I am a poet and nonfiction writer—currently focused on my recently published nonfiction book, but also keeping up a practice of writing poetry and sharing it with my writing groups. I love writing essays and exploring the places where different genres can meet and mingle. After finishing The Age of Deer I collaborated with a friend to make a podcast companion to the book, called If You See A Deer. I also like to draw and paint (often leaves, walnut shells, other things from the land where I live) and take photos (often of the ground).
What’s changed in your creative life since becoming a caregiver?
Things keep on changing as my kids move through the stages of their own growth. When my first daughter was a baby, I remember writing and squeezing in paid journalism work while she slept. Somehow I managed to write a manuscript of poetry during that time. With two kids, the equation got trickier, but my husband suggested I take one morning a week to go off and write by myself.
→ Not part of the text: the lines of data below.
Lemma extremal_density_bounded : exists B, 1 <= B /\
  forall q rho, 1 < q -> extremal_density enumE sigma Gamma q rho -> forall e, 0 <= rho e <= B.
Proof.
  set (S := sum_list sigma enumE).
  destruct (exists_pos_lower_bound sigma enumE (fun e _ => Hsigma e)) as [s0 [Hs0 Hs0le]].
  assert (HS : 0 <= S) by (apply sum_list_ge0; intros; left; auto).
  assert (HSs0 : 0 <= S / s0) by (apply Rmult_le_pos; [lra|left; apply Rinv_0_lt_compat; lra]).
  exists (1 + S / s0). split; [lra|].
  intros q rho Hq [[Hrho0 _] Hmin] e. split; [auto|].
  pose proof (Hmin _ Hone) as Hle. rewrite energy_one, energy_nonneg_density in Hle by auto.
  assert (Hterm : sigma e * rpow (rho e) q <= S).
  { eapply Rle_trans; [|exact Hle].
    apply (sum_list_ge_In (fun e => sigma e * rpow (rho e) q)); auto.
    intros; apply Rmult_le_pos; [left; auto|apply rpow_ge0]. }
  destruct (Rle_or_lt (rho e) 1) as [Hle1|Hgt1]; [lra|].
  assert (rho e <= rpow (rho e) q).
  { rewrite rpow_pos by lra. rewrite <- (Rpower_1 (rho e)) at 1 by lra.
    apply Rle_Rpower; lra. }
  assert (rho e <= S / s0).
  { pose proof (Hs0le e (Hall e)). pose proof (Hsigma e).
    apply (Rmult_le_reg_l s0); [lra|].
    replace (s0 * (S / s0)) with S by (field; lra). nra. }
  lra.
Qed.

Lemma extremal_densities_close p q B rp rq e eta : 1 < p -> 1 < q <= p + 1 -> 1 <= B ->
  0 < eta ->
  extremal_density enumE sigma Gamma p rp -> extremal_density enumE sigma Gamma q rq ->
  (forall e, 0 <= rp e <= B) -> (forall e, 0 <= rq e <= B) ->
  Rabs (q - p) * (1 + B * Rpower B (p + 1)) * sum_list sigma enumE
    < sigma e * midpoint_gap p B eta ->
  Rabs (rp e - rq e) < eta.
Proof.
  intros Hp Hq HB Heta [Hadp Hminp] [Hadq Hminq] Hbp Hbq Hsmall.
  apply Rnot_le_lt. intros Hfar.
  (* With D := |q - p| (1 + B B^(p+1)) sum sigma:  E_p(rho_p) <= E_p(mid) <=
     (E_p(rho_p) + E_p(rho_q)) / 2 - sigma e * gap, and
     E_p(rho_q) <= E_q(rho_q) + D <= E_q(rho_p) + D <= E_p(rho_p) + 2 D. *)
  pose proof (Hminp _ (admissible_midpoint Gamma rp rq Hadp Hadq)) as Emid.
  pose proof (Hminq _ Hadp) as Eq.
  pose proof (energy_exponent_lipschitz enumE sigma Hsigma p q B (p + 1) rq Hbq HB
    ltac:(lra) ltac:(lra)) as Lq.
  pose proof (energy_exponent_lipschitz enumE sigma Hsigma q p B (p + 1) rp Hbp HB
    ltac:(lra) ltac:(lra)) as Lp.
  rewrite Rabs_minus_sym in Lq.
  pose proof (energy_midpoint_gap enumE sigma Hall Hsigma p B eta rp rq e Hp Heta Hbp Hbq Hfar).
  lra.
Qed.

Lemma extremal_density_coords_continuous (rho : R -> E -> R) (p : R) : 1 < p ->
  (forall q, 1 < q -> extremal_density enumE sigma Gamma q (rho q)) ->
  forall eta, 0 < eta -> exists delta, 0 < delta /\
    forall q, 1 < q -> Rabs (q - p) < delta -> forall e, Rabs (rho p e - rho q e) < eta.
Proof.
  intros Hp Hrho eta Heta.
  destruct extremal_density_bounded as [B [HB Hbd]].
  destruct (exists_pos_lower_bound sigma enumE (fun e _ => Hsigma e)) as [s0 [Hs0 Hs0le]].
  set (eta' := Rmin eta B).
  assert (Heta' : 0 < eta' <= B) by (split; [apply Rmin_glb_lt|apply Rmin_r]; lra).
  set (c := s0 * midpoint_gap p B eta').
  assert (Hc : 0 < c) by (apply Rmult_lt_0_compat; [|apply midpoint_gap_gt0]; lra).
  set (L := (1 + B * Rpower B (p + 1)) * sum_list sigma enumE).
  assert (HL : 0 <= L).
  { apply Rmult_le_pos; [pose proof (Rpower_gt0 B (p + 1)); nra|].
    apply sum_list_ge0; intros; left; auto. }
  exists (Rmin 1 (c / (L + 1))).
  split; [apply Rmin_glb_lt; [lra|apply Rdiv_lt_0_compat; lra]|].
  intros q Hq Hqp e.
  assert (Hq1 : Rabs (q - p) < 1) by (eapply Rlt_le_trans; [exact Hqp|apply Rmin_l]).
  assert (Hqc : Rabs (q - p) * (L + 1) < c).
  { apply Rlt_le_trans with (c / (L + 1) * (L + 1)); [|right; field; lra].
    apply Rmult_lt_compat_r; [lra|]. eapply Rlt_le_trans; [exact Hqp|apply Rmin_r]. }
  apply Rlt_le_trans with eta'; [|apply Rmin_l].
  apply (extremal_densities_close p q B (rho p) (rho q) e eta'); try lra; auto.
  - apply Rabs_def2 in Hq1. lra.
  - intros e'. apply (Hbd p); auto.
  - intros e'. apply (Hbd q); auto.
  - apply Rlt_le_trans with c.
    + pose proof (Rabs_pos (q - p)). unfold L in Hqc. nra.
    + apply Rmult_le_compat_r; [apply Rlt_le, midpoint_gap_gt0; lra|auto].
Qed.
I took to camping out at the local community center, in a lounge with secondhand furniture and intermittent heat. Not a lot of hours per week, but so many more than zero—those mornings became the anchor of my writing life. In the bathroom of that lounge was this poster titled Dancers of the Third Age, and I thought of these dancers as my artmaking fairy godmothers.
My nonfiction book process took us through a couple more stages; I had to ask my kids for more uninterrupted work time than I ever had before, and the pandemic was happening so we were all in the house together and it wasn’t as clear where the writing started and the mothering stopped. But they became a lot more self-sufficient during those years and I wouldn’t change the way it all unfolded. They are very interested in the book because they’ve seen so much of the process; they got to come on some of my research trips so they feel connected to the project and the stories about it, and have done their own writing and art about these experiences. It all really feels like one big process to me; it’s all just our life together. We are really lucky to be able to set things up this way.
❤️️ if you’ve learned from the creative caregivers in this series, clicking the heart at the top or bottom of this newsletter will help other writers find us! ❤️️
What do you do to help activate the switch (if it is a switch) between creative-brain and care-giving brain? (Is it possible to switch?)
Having a physical space is definitely very helpful. Also during the pandemic and the book-writing process we added on to our house, which gave me a little office for the first time since having kids. That feels like a real retreat and tells my brain to get into work mode. But I’m still a believer in using little cracks of time to write, wherever I may be—watching basketball practice, writing a little poem in the bleachers.
What’s changed about your process? About your medium or genre?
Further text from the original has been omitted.